» Task to complete: Return, word for word, only the lines of the data below that lie between the line with "Definition closed_op (dom" and the line with "Definition Vw (dom", those two lines included.

· · ·

(* ---------- Complex Hilbert spaces ----------
   inner product linear in the first, conjugate-linear in the second argument. *)
Record Hilbert := {
  hcar :> Type;
  hzero : hcar;
  hadd : hcar -> hcar -> hcar;
  hopp : hcar -> hcar;
  hscal : Cx -> hcar -> hcar;
  hinner : hcar -> hcar -> Cx;
  h_addA : forall x y z, hadd x (hadd y z) = hadd (hadd x y) z;
  h_addC : forall x y, hadd x y = hadd y x;
  h_add0 : forall x, hadd x hzero = x;
  h_addN : forall x, hadd x (hopp x) = hzero;
  h_scal1 : forall x, hscal C1 x = x;
  h_scalA : forall a b x, hscal a (hscal b x) = hscal (Cmul a b) x;
  h_scalDr : forall a x y, hscal a (hadd x y) = hadd (hscal a x) (hscal a y);
  h_scalDl : forall a b x, hscal (Cadd a b) x = hadd (hscal a x) (hscal b x);
  h_innerDl : forall x y z, hinner (hadd x y) z = Cadd (hinner x z) (hinner y z);
  h_innerZl : forall a x y, hinner (hscal a x) y = Cmul a (hinner x y);
  h_innerC : forall x y, hinner y x = Cconj (hinner x y);
  h_inner_pos : forall x, Cim (hinner x x) = 0 /\ 0 <= Cre (hinner x x);
  h_inner_def : forall x, Cre (hinner x x) = 0 -> x = hzero;
  h_complete : forall u : nat -> hcar,
    (forall eps, eps > 0 -> exists N, forall m k, (m >= N)%nat -> (k >= N)%nat ->
        sqrt (Cre (hinner (hadd (u m) (hopp (u k))) (hadd (u m) (hopp (u k))))) < eps) ->
    exists l, forall eps, eps > 0 -> exists N, forall m, (m >= N)%nat ->
        sqrt (Cre (hinner (hadd (u m) (hopp l)) (hadd (u m) (hopp l)))) < eps
}.

Arguments hzero {h}.
Arguments hadd {h}.
Arguments hopp {h}.
Arguments hscal {h}.
Arguments hinner {h}.

Section HilbertDefs.
Variable H : Hilbert.

Definition hsub (x y : H) : H := hadd x (hopp y).
Definition hnorm (x : H) : R := sqrt (Cre (hinner x x)).

Definition conv (u : nat -> H) (l : H) : Prop :=
  forall eps, eps > 0 -> exists N, forall m, (m >= N)%nat -> hnorm (hsub (u m) l) < eps.

Fixpoint psum (f : nat -> H) (N : nat) : H :=
  match N with O => hzero | S N' => hadd (psum f N') (f N') end.
Definition series_to (f : nat -> H) (s : H) : Prop := conv (psum f) s.

Definition separable : Prop :=
  exists d : nat -> H, forall x eps, eps > 0 -> exists k, hnorm (hsub x (d k)) < eps.

Definition orth (S : H -> Prop) : H -> Prop :=
  fun y => forall x, S x -> hinner x y = C0.

Definition lincomb (l : list (Cx * H)) : H :=
  fold_right (fun p acc => hadd (hscal (fst p) (snd p)) acc) hzero l.
Definition span (S : H -> Prop) : H -> Prop :=
  fun v => exists l : list (Cx * H), Forall (fun p => S (snd p)) l /\ v = lincomb l.
Definition closure (S : H -> Prop) : H -> Prop :=
  fun v => forall eps, eps > 0 -> exists u, S u /\ hnorm (hsub v u) < eps.
Definition cspan (S : H -> Prop) : H -> Prop := closure (span S).

Definition closed_subspace (M : H -> Prop) : Prop :=
  M hzero /\ (forall x y, M x -> M y -> M (hadd x y)) /\
  (forall a x, M x -> M (hscal a x)) /\
  (forall u l, (forall k, M (u k)) -> conv u l -> M l).

Definition proj (M : H -> Prop) (x : H) : H :=
  epsilon (inhabits hzero) (fun p => M p /\ orth M (hsub x p)).

Definition has_dim (S : H -> Prop) (n : nat) : Prop :=
  exists e : nat -> H,
    (forall i j, (i < n)%nat -> (j < n)%nat ->
       hinner (e i) (e j) = if Nat.eq_dec i j then C1 else C0) /\
    (forall v, S v <-> span (fun x => exists i, (i < n)%nat /\ x = e i) v).

(* ---------- linear transformations with domain (not necessarily dense) ----------
   A linear transformation is given by its domain dom and a function B : H -> H
   whose values are relevant only on dom. *)
Definition lin_op (dom : H -> Prop) (B : H -> H) : Prop :=
  dom hzero /\ (forall x y, dom x -> dom y -> dom (hadd x y)) /\
  (forall a x, dom x -> dom (hscal a x)) /\
  (forall x y, dom x -> dom y -> B (hadd x y) = hadd (B x) (B y)) /\
  (forall a x, dom x -> B (hscal a x) = hscal a (B x)).

Definition symmetric (dom : H -> Prop) (B : H -> H) : Prop :=
  forall x y, dom x -> dom y -> hinner (B x) y = hinner x (B y).

Definition closed_op (dom : H -> Prop) (B : H -> H) : Prop :=
  forall (u : nat -> H) a b, (forall k, dom (u k)) -> conv u a ->
    conv (fun k => B (u k)) b -> dom a /\ B a = b.

Definition ran (dom : H -> Prop) (B : H -> H) (z : Cx) : H -> Prop :=
  fun y => exists x, dom x /\ y = hsub (B x) (hscal z x).

(* ker(B^* - z) := ran(B - conj z)^perp *)
Definition kerBstar (dom : H -> Prop) (B : H -> H) (z : Cx) : H -> Prop :=
  orth (ran dom B (Cconj z)).

Definition simple (dom : H -> Prop) (B : H -> H) : Prop :=
  forall v, (forall z, Cim z <> 0 -> ran dom B z v) -> v = hzero.

Definition deficiency (dom : H -> Prop) (B : H -> H) (n : nat) : Prop :=
  has_dim (kerBstar dom B Ci) n /\ has_dim (kerBstar dom B (Copp Ci)) n.

Definition in_Sn (n : nat) (dom : H -> Prop) (B : H -> H) : Prop :=
  lin_op dom B /\ symmetric dom B /\ closed_op dom B /\ simple dom B /\ deficiency dom B n.

Definition Qw (dom : H -> Prop) (B : H -> H) (w : Cx) (x : H) : H :=
  proj (ran dom B (Cconj w)) x.
Definition Pw (dom : H -> Prop) (B : H -> H) (w : Cx) (x : H) : H :=
  hsub x (Qw dom B w x).

(* b_w(B) = (B - w)(B - conj w)^{-1} on ran(B - conj w) *)
Definition bwB (dom : H -> Prop) (B : H -> H) (w : Cx) (y : H) : H :=
  let x := epsilon (inhabits hzero)
             (fun x => dom x /\ y = hsub (B x) (hscal (Cconj w) x)) in
  hsub (B x) (hscal w x).

Definition Vw (dom : H -> Prop) (B : H -> H) (w : Cx) (x : H) : H :=
  bwB dom B w (Qw dom B w x).

End HilbertDefs.

Arguments hsub {H}.
Arguments hnorm {H}.
Arguments conv {H}.
Arguments series_to {H}.
Arguments orth {H}.
Arguments cspan {H}.
Arguments closed_subspace {H}.
Arguments proj {H}.

Definition isom_embedding (H K : Hilbert) (iota : H -> K) : Prop :=
  (forall x y, iota (hadd x y) = hadd (iota x) (iota y)) /\
  (forall a x, iota (hscal a x) = hscal a (iota x)) /\
  (forall x y, hinner (iota x) (iota y) = hinner x y).

Definition unitary (K : Hilbert) (U Uinv : K -> K) : Prop :=
  (forall x y, U (hadd x y) = hadd (U x) (U y)) /\
  (forall a x, U (hscal a x) = hscal a (U x)) /\
  (forall x y, hinner (U x) (U y) = hinner x y) /\
  (forall x, U (Uinv x) = x) /\ (forall x, Uinv (U x) = x).

Fixpoint iterN {X : Type} (k : nat) (f : X -> X) (x : X) : X :=
  match k with O => x | S k' => f (iterN k' f x) end.

Definition zpow {X : Type} (U Uinv : X -> X) (k : Z) (x : X) : X :=
  match k with
  | Z0 => x
  | Zpos p => iterN (Pos.to_nat p) U x
  | Zneg p => iterN (Pos.to_nat p) Uinv x
  end.

(* (K, iota, U) is a unitary dilation of the contraction T on H:
   T^k = P_H U^k |_H for all k >= 0 (H identified with iota H) *)
Definition unitary_dilation (H K : Hilbert) (iota : H -> K) (U Uinv : K -> K)
    (T : H -> H) : Prop :=
  isom_embedding H K iota /\ unitary K U Uinv /\
  forall (k : nat) (x y : H),
    hinner (iterN k U (iota x)) (iota y) = hinner (iterN k T x) y.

· · ·

» Result of the exercise:
Definition closed_op (dom : H -> Prop) (B : H -> H) : Prop :=
  forall (u : nat -> H) a b, (forall k, dom (u k)) -> conv u a ->
    conv (fun k => B (u k)) b -> dom a /\ B a = b.

Definition ran (dom : H -> Prop) (B : H -> H) (z : Cx) : H -> Prop :=
  fun y => exists x, dom x /\ y = hsub (B x) (hscal z x).

(* ker(B^* - z) := ran(B - conj z)^perp *)
Definition kerBstar (dom : H -> Prop) (B : H -> H) (z : Cx) : H -> Prop :=
  orth (ran dom B (Cconj z)).

Definition simple (dom : H -> Prop) (B : H -> H) : Prop :=
  forall v, (forall z, Cim z <> 0 -> ran dom B z v) -> v = hzero.

Definition deficiency (dom : H -> Prop) (B : H -> H) (n : nat) : Prop :=
  has_dim (kerBstar dom B Ci) n /\ has_dim (kerBstar dom B (Copp Ci)) n.

Definition in_Sn (n : nat) (dom : H -> Prop) (B : H -> H) : Prop :=
  lin_op dom B /\ symmetric dom B /\ closed_op dom B /\ simple dom B /\ deficiency dom B n.

Definition Qw (dom : H -> Prop) (B : H -> H) (w : Cx) (x : H) : H :=
  proj (ran dom B (Cconj w)) x.
Definition Pw (dom : H -> Prop) (B : H -> H) (w : Cx) (x : H) : H :=
  hsub x (Qw dom B w x).

(* b_w(B) = (B - w)(B - conj w)^{-1} on ran(B - conj w) *)
Definition bwB (dom : H -> Prop) (B : H -> H) (w : Cx) (y : H) : H :=
  let x := epsilon (inhabits hzero)
             (fun x => dom x /\ y = hsub (B x) (hscal (Cconj w) x)) in
  hsub (B x) (hscal w x).

Definition Vw (dom : H -> Prop) (B : H -> H) (w : Cx) (x : H) : H :=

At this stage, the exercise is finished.